June FOMC Economic Projections Support Gold

June 17, 2016, 7:54 AM Arkadiusz Sieroń , PhD

On Wednesday, the Federal Reserve released not only their most recent monetary policy statement, but also updated its newest economic projections. How can they influence the gold market?

FOMC participants submitted their individual economic projections for the June meeting. The Fed officials’ projections for the unemployment rate were essentially unchanged. However, U.S. central bankers upgraded their median inflation projection for this year from 1.2 percent in March to 1.4 percent. This change is rather hawkish as higher inflation could prompt the Fed to more aggressive actions.

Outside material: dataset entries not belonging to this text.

(* Let $R$ and $S$ be bornological $V$-algebras. Then $(R\otimes S)^{\mathrm{lg}}=R^{\mathrm{lg}}\otimes S^{\mathrm{lg}}$ as bornological algebras, and hence $\overline{R\otimes S}^{\mathrm{lg}}\cong\overline R^{\mathrm{lg}}\hat\otimes\overline S^{\mathrm{lg}}$.
   Context: $V$ complete DVR, uniformizer $\pi$, $|\pi|=\epsilon\in(0,1)$; tensor products over $V$. Convex bornologies (bounded sets contain finite sets, closed under subsets, finite unions and generated $V$-submodules). The bornological tensor product $X\otimes Y$ of bornological $V$-modules is the algebraic tensor product with bornology generated by the images of $S\otimes T$ for bounded submodules $S,T$; $\hat\otimes$ is its completion (complete = bounded $\pi$-adically complete separated submodules cofinal; completion = universal bounded map to a complete module). For a bounded $V$-submodule $M$ of a bornological $V$-algebra, ''$\varrho(M)\le1$'' means $\sum_{n\ge0}\pi^{\lceil\log_\epsilon(r^{-n})\rceil}M^n$ bounded for all $r>1$. The linear growth bornology ${}^{\mathrm{lg}}$ on a bornological $V$-algebra is the smallest algebra bornology containing the given one in which every bounded $V$-submodule has $\varrho\le1$; $\overline{(\cdot)}^{\mathrm{lg}}$ is the completion for it. *)

From HB Require Import structures.
From mathcomp Require Import all_boot all_order all_algebra.
From Stdlib Require Rdefinitions Raxioms R_Ifp Rpower Rpow_def.
Set Implicit Arguments. Unset Strict Implicit. Unset Printing Implicit Defensive.
Import GRing.Theory.
Local Open Scope ring_scope.

Definition is_dvr_uniformizer (V : idomainType) (pi : V) : Prop :=
  pi != 0 /\ pi \isn't a GRing.unit /\
  forall x : V, x != 0 -> exists (u : V) (n : nat), u \is a GRing.unit /\ x = u * pi ^+ n.

Definition is_pi_adically_complete_ring (V : idomainType) (pi : V) : Prop :=
  forall a : nat -> V, exists x : V,
    forall n : nat, exists y : V, x - \sum_(k < n) a k * pi ^+ k = pi ^+ n * y.

Definition incl (X : Type) (A B : X -> Prop) : Prop := forall x, A x -> B x.

Inductive span (V : pzRingType) (X : lmodType V) (A : X -> Prop) : X -> Prop :=
| span_zero : span A 0
| span_in x : A x -> span A x
| span_add x y : span A x -> span A y -> span A (x + y)
| span_scale (a : V) x : span A x -> span A (a *: x).

Definition is_submod (V : pzRingType) (X : lmodType V) (M : X -> Prop) : Prop :=
  M 0 /\ (forall x y, M x -> M y -> M (x + y)) /\ (forall (a : V) x, M x -> M (a *: x)).

Definition image (X Y : Type) (f : X -> Y) (A : X -> Prop) : Y -> Prop :=
  fun y => exists x, A x /\ y = f x.

Definition is_linear (V : pzRingType) (X Y : lmodType V) (f : X -> Y) : Prop :=
  forall (a : V) u v, f (a *: u + v) = a *: f u + f v.

Definition is_bilinear (V : pzRingType) (X Y Z : lmodType V) (f : X -> Y -> Z) : Prop :=
  (forall x, is_linear (f x)) /\ (forall y, is_linear (fun x => f x y)).

Definition is_convex_bornology (V : pzRingType) (X : lmodType V)
    (B : (X -> Prop) -> Prop) : Prop :=
  (forall A : X -> Prop, (exists s : seq X, forall x, A x -> x \in s) -> B A) /\
  (forall A A', B A -> incl A' A -> B A') /\
  (forall A A', B A -> B A' -> B (fun x => A x \/ A' x)) /\
  (forall A, B A -> B (span A)).

Definition setmul (V : pzRingType) (R : algType V) (A A' : R -> Prop) : R -> Prop :=
  fun x => exists a b, A a /\ A' b /\ x = a * b.

Definition is_alg_bornology (V : pzRingType) (R : algType V)
    (B : (R -> Prop) -> Prop) : Prop :=
  is_convex_bornology B /\ (forall A A', B A -> B A' -> B (setmul A A')).

Definition bounded_map (V : pzRingType) (X Y : lmodType V)
    (BX : (X -> Prop) -> Prop) (BY : (Y -> Prop) -> Prop) (f : X -> Y) : Prop :=
  forall A, BX A -> BY (image f A).

Fixpoint mpow (V : pzRingType) (R : algType V) (M : R -> Prop) (n : nat) : R -> Prop :=
  match n with
  | 0 => span (fun x => x = 1)
  | n'.+1 => span (setmul (mpow M n') M)
  end.

Definition pimul (V : pzRingType) (X : lmodType V) (pi : V) (k : nat) (M : X -> Prop)
    : X -> Prop := fun x => exists y, M y /\ x = pi ^+ k *: y.

Definition Rceil (x : Rdefinitions.R) : BinNums.Z :=
  BinInt.Z.opp (R_Ifp.Int_part (Rdefinitions.Ropp x)).

(* ceil(log_eps(r^(-n))) as a natural number *)
Definition lg_exp (eps r : Rdefinitions.R) (n : nat) : nat :=
  BinInt.Z.to_nat (Rceil (Rdefinitions.Rdiv
     (Rpower.ln (Rdefinitions.Rinv (Rpow_def.pow r n))) (Rpower.ln eps))).

Definition rho_le1 (V : pzRingType) (R : algType V) (pi : V) (eps : Rdefinitions.R)
    (B : (R -> Prop) -> Prop) (M : R -> Prop) : Prop :=
  forall r : Rdefinitions.R, Rdefinitions.Rlt (Rdefinitions.IZR (BinNums.Zpos BinNums.xH)) r ->
    B (span (fun x => exists n : nat, pimul pi (lg_exp eps r n) (mpow M n) x)).

Definition lg_bornology (V : pzRingType) (R : algType V) (pi : V) (eps : Rdefinitions.R)
    (B : (R -> Prop) -> Prop) : (R -> Prop) -> Prop :=
  fun A => forall B' : (R -> Prop) -> Prop,
    is_alg_bornology B' -> (forall A0, B A0 -> B' A0) ->
    (forall M, is_submod M -> B' M -> rho_le1 pi eps B' M) -> B' A.

Definition is_tensor_product (V : pzRingType) (X Y T : lmodType V) (t : X -> Y -> T) : Prop :=
  is_bilinear t /\
  forall (W : lmodType V) (f : X -> Y -> W), is_bilinear f ->
    exists g : T -> W, is_linear g /\ (forall x y, g (t x y) = f x y) /\
      (forall g' : T -> W, is_linear g' -> (forall x y, g' (t x y) = f x y) ->
         forall z, g' z = g z).

Definition is_tensor_algebra (V : pzRingType) (R S T : algType V) (t : R -> S -> T) : Prop :=
  is_tensor_product t /\ t 1 1 = 1 /\
  (forall r r' s s', t r s * t r' s' = t (r * r') (s * s')).

Definition tensor_bornology (V : pzRingType) (X Y T : lmodType V)
    (BX : (X -> Prop) -> Prop) (BY : (Y -> Prop) -> Prop) (t : X -> Y -> T)
    : (T -> Prop) -> Prop :=
  fun A => forall B' : (T -> Prop) -> Prop, is_convex_bornology B' ->
    (forall S U, is_submod S -> BX S -> is_submod U -> BY U ->
       B' (span (fun z => exists s u, S s /\ U u /\ z = t s u))) -> B' A.

Definition pi_complete_separated (V : pzRingType) (X : lmodType V) (pi : V)
    (M : X -> Prop) : Prop :=
  (forall x, M x -> (forall n, exists y, M y /\ x = pi ^+ n *: y) -> x = 0) /\
  (forall s : nat -> X, (forall n, M (s n)) ->
     (forall n, exists y, M y /\ s n.+1 - s n = pi ^+ n *: y) ->
     exists x, M x /\ forall n, exists y, M y /\ x - s n = pi ^+ n *: y).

However, FOMC participants downgraded their median real GDP growth projection for this year from 2.2 percent in March to 2 percent and for the next year from 2.1 percent in March to 2.0 percent.

Moreover – and this is probably the most important change in FOMC economic projections – U.S. central bankers revised down their projections for the federal funds rate. Although the median outlook remained unchanged for this year, for 2017 the median projection is 0.3 percentage points lower than in March (it now stands at 1.6 percent), while for 2018 the median projection is 0.6 percentage points lower than in March (it now stands at 2.4 percent). The projected federal funds rate in the longer run was reduced by 0.3 percentage points to 3.0 percent. It means that the Fed lowered its path for the federal funds rate again. Moreover, although the median projection for interest rates for this year was unchanged, a number of participants revised down their projections. Indeed, the number of Fed officials who see just one hike this year rose to six from one in March. And the number of FOMC participants who see more than two hikes this year declined from seven to just two. It means that the Fed has become more dovish, which should be welcomed by gold bulls.

The take-home message is that the Fed reduced its projections for the federal funds rate in 2017 and 2018, while more FOMC members adopted a more dovish stance. In consequence, the market odds of a July hike collapsed to 7 percent. Actually, investors do not see any interest rate hikes this year, according to the CME Group FedWatch. It is great news for the gold market, as the price of shiny metal has recently been negatively correlated with the expectations of the Fed’s path for the federal funds rate. Indeed, gold rallied on Thursday, surging above $1,300. Moreover, the Fed officials see stagflation as more likely, as they raised inflation expectations and lowered growth expectations. Stagflation means inflation with stagnation. That is bad for asset markets – except the precious metals market, as gold usually shines in such an environment.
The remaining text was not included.